Section lemma2p2_proof.
Variables (R : realType) (n : nat) (O : set 'rV[R]_n) (g : R -> 'rV[R]_n).
Variables (a b alpha C : R).
Hypotheses (Oo : open O) (bdO_neq0 : boundary O !=set0).
Hypotheses (ab : a <= b) (rect_g : rectifiable g a b).
Hypothesis curve_in_O : g @` `[a, b] `<=` O.
Hypotheses (alpha_gt0 : 0 < alpha) (alpha_lt1 : alpha < 1) (C_ge1 : 1 <= C).
Local Notation curve := (g @` `[a, b]).
Local Notation L := (curve_length g a b).
Local Notation I := (line_integral g a b (fun z => dist_bd O z `^ (alpha - 1))).
Hypothesis I_le : (I <= (C * L `^ alpha)%:E)%E.

Let dist_bd_curve_gt0 z : curve z -> 0 < dist_bd O z.
Proof. by move=> /curve_in_O; exact: dist_bd_gt0. Qed.

Let C_gt0 : 0 < C. Proof. exact: lt_le_trans ltr01 C_ge1. Qed.

Let exponent_range : -1 <= alpha - 1 <= 0.
Proof. by rewrite lerBrDr addNr subr_le0 (ltW alpha_gt0) (ltW alpha_lt1). Qed.

Lemma length_le_root_dist_bd : {within `[a, b], continuous g} ->
  exists2 zb, curve zb & L <= C `^ (1 - alpha)^-1 * dist_bd O zb.
Proof.
move=> gc.
have dgc : {within `[a, b], continuous (dist_bd O \o g)}.
  by move=> t; apply: continuous_comp (gc t) _; exact: continuous_dist_bd.
have [c c_ab d_max] := EVT_max ab dgc.
have curve_gc : curve (g c) by exists c.
exists (g c) => //.
apply: powR_root_bound alpha_lt1 (ltW C_gt0) (dist_bd_curve_gt0 curve_gc) _ _.
  exact: curve_length_ge0.
rewrite -lee_fin; apply: le_trans I_le.
apply: line_integral_ge => //; first exact: powR_ge0.
move=> _ [t t_ab <-]; apply: le0_ger_powR; last exact: d_max.
  by rewrite subr_le0 ltW.
by apply: dist_bd_curve_gt0; exists t.
Qed.

Lemma average_le_twice r z0 : I = r%:E -> curve z0 ->
  L^-1 * r <= 2 * C * dist_bd O z0 `^ (alpha - 1).
Proof.
move=> Ir [t0 t0_ab <-]; set d0 := dist_bd O (g t0).
have d0_gt0 : 0 < d0 by apply: dist_bd_curve_gt0; exists t0.
have [L0|L_neq0] := eqVneq L 0.
  by rewrite L0 invr0 mul0r !mulr_ge0 ?powR_ge0 // ltW.
have L_gt0 : 0 < L by rewrite lt_def L_neq0 curve_length_ge0.
have r_le : r <= C * L `^ alpha by move: I_le; rewrite Ir lee_fin.
have [d0_le|d0_gt] := leP d0 (2 * L).
  apply: (@le_trans _ _ (C * L `^ (alpha - 1))).
    by rewrite ler_pdivrMl // mulrCA mulr_powRB1 // ltW.
  by rewrite [2 * C]mulrC -mulrA ler_pM2l // powR_le_twice.
have far z : curve z -> d0 <= 2 * dist_bd O z.
  move=> [t t_ab <-].
  have := dist_bd_lipschitz bdO_neq0 (g t0) (g t).
  have : edist (g t0) (g t) <= L.
    by apply: edist_le_curve_length; rewrite // -[_ <= _ <= _]in_itv.
  (* [lra] chokes on the extended-real hypotheses. *)
  clear I_le Ir r_le; lra.
have : (I <= (2 * d0 `^ (alpha - 1) * L)%:E)%E.
  apply: line_integral_le => // z curve_z.
  by rewrite powR_ge0 powR_le_twice ?far.
rewrite Ir lee_fin => r_le_far.
rewrite ler_pdivrMl //; apply: le_trans r_le_far _.
by rewrite [leLHS]mulrC ler_pM2l // mulrAC ler_peMr // mulr_ge0 ?powR_ge0.
Qed.

Lemma average_le_twice_inf :
  ((L^-1)%:E * I <= (2 * C * inf [set dist_bd O z `^ (alpha - 1) | z in curve])%:E)%E.
Proof.
have I_ge0 : (0 <= I)%E by apply: line_integral_ge0 => // z _; exact: powR_ge0.
have [r Ir] : exists r, I = r%:E.
  by move: I_ge0 I_le; case: I => [r _ _| |] //; exists r.
rewrite Ir -EFinM lee_fin [2 * C * _]mulrC -ler_pdivrMr ?mulr_gt0 //.
apply: lb_le_inf.
  by exists (dist_bd O (g a) `^ (alpha - 1)), (g a) => //; exists a; rewrite //= in_itv /= lexx ab.
move=> _ [z curve_z <-].
rewrite ler_pdivrMr ?mulr_gt0 // [_ * (2 * C)]mulrC; exact: average_le_twice.
Qed.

========================================

--- The problem ---
The lines wanted are those from the one containing "by apply: edist_le_curve_length;" through the last line of the listing above. Repeat them exactly.

--- Solved exercise ---
    by apply: edist_le_curve_length; rewrite // -[_ <= _ <= _]in_itv.
  (* [lra] chokes on the extended-real hypotheses. *)
  clear I_le Ir r_le; lra.
have : (I <= (2 * d0 `^ (alpha - 1) * L)%:E)%E.
  apply: line_integral_le => // z curve_z.
  by rewrite powR_ge0 powR_le_twice ?far.
rewrite Ir lee_fin => r_le_far.
rewrite ler_pdivrMl //; apply: le_trans r_le_far _.
by rewrite [leLHS]mulrC ler_pM2l // mulrAC ler_peMr // mulr_ge0 ?powR_ge0.
Qed.

Lemma average_le_twice_inf :
  ((L^-1)%:E * I <= (2 * C * inf [set dist_bd O z `^ (alpha - 1) | z in curve])%:E)%E.
Proof.
have I_ge0 : (0 <= I)%E by apply: line_integral_ge0 => // z _; exact: powR_ge0.
have [r Ir] : exists r, I = r%:E.
  by move: I_ge0 I_le; case: I => [r _ _| |] //; exists r.
rewrite Ir -EFinM lee_fin [2 * C * _]mulrC -ler_pdivrMr ?mulr_gt0 //.
apply: lb_le_inf.
  by exists (dist_bd O (g a) `^ (alpha - 1)), (g a) => //; exists a; rewrite //= in_itv /= lexx ab.
move=> _ [z curve_z <-].
rewrite ler_pdivrMr ?mulr_gt0 // [_ * (2 * C)]mulrC; exact: average_le_twice.
Qed.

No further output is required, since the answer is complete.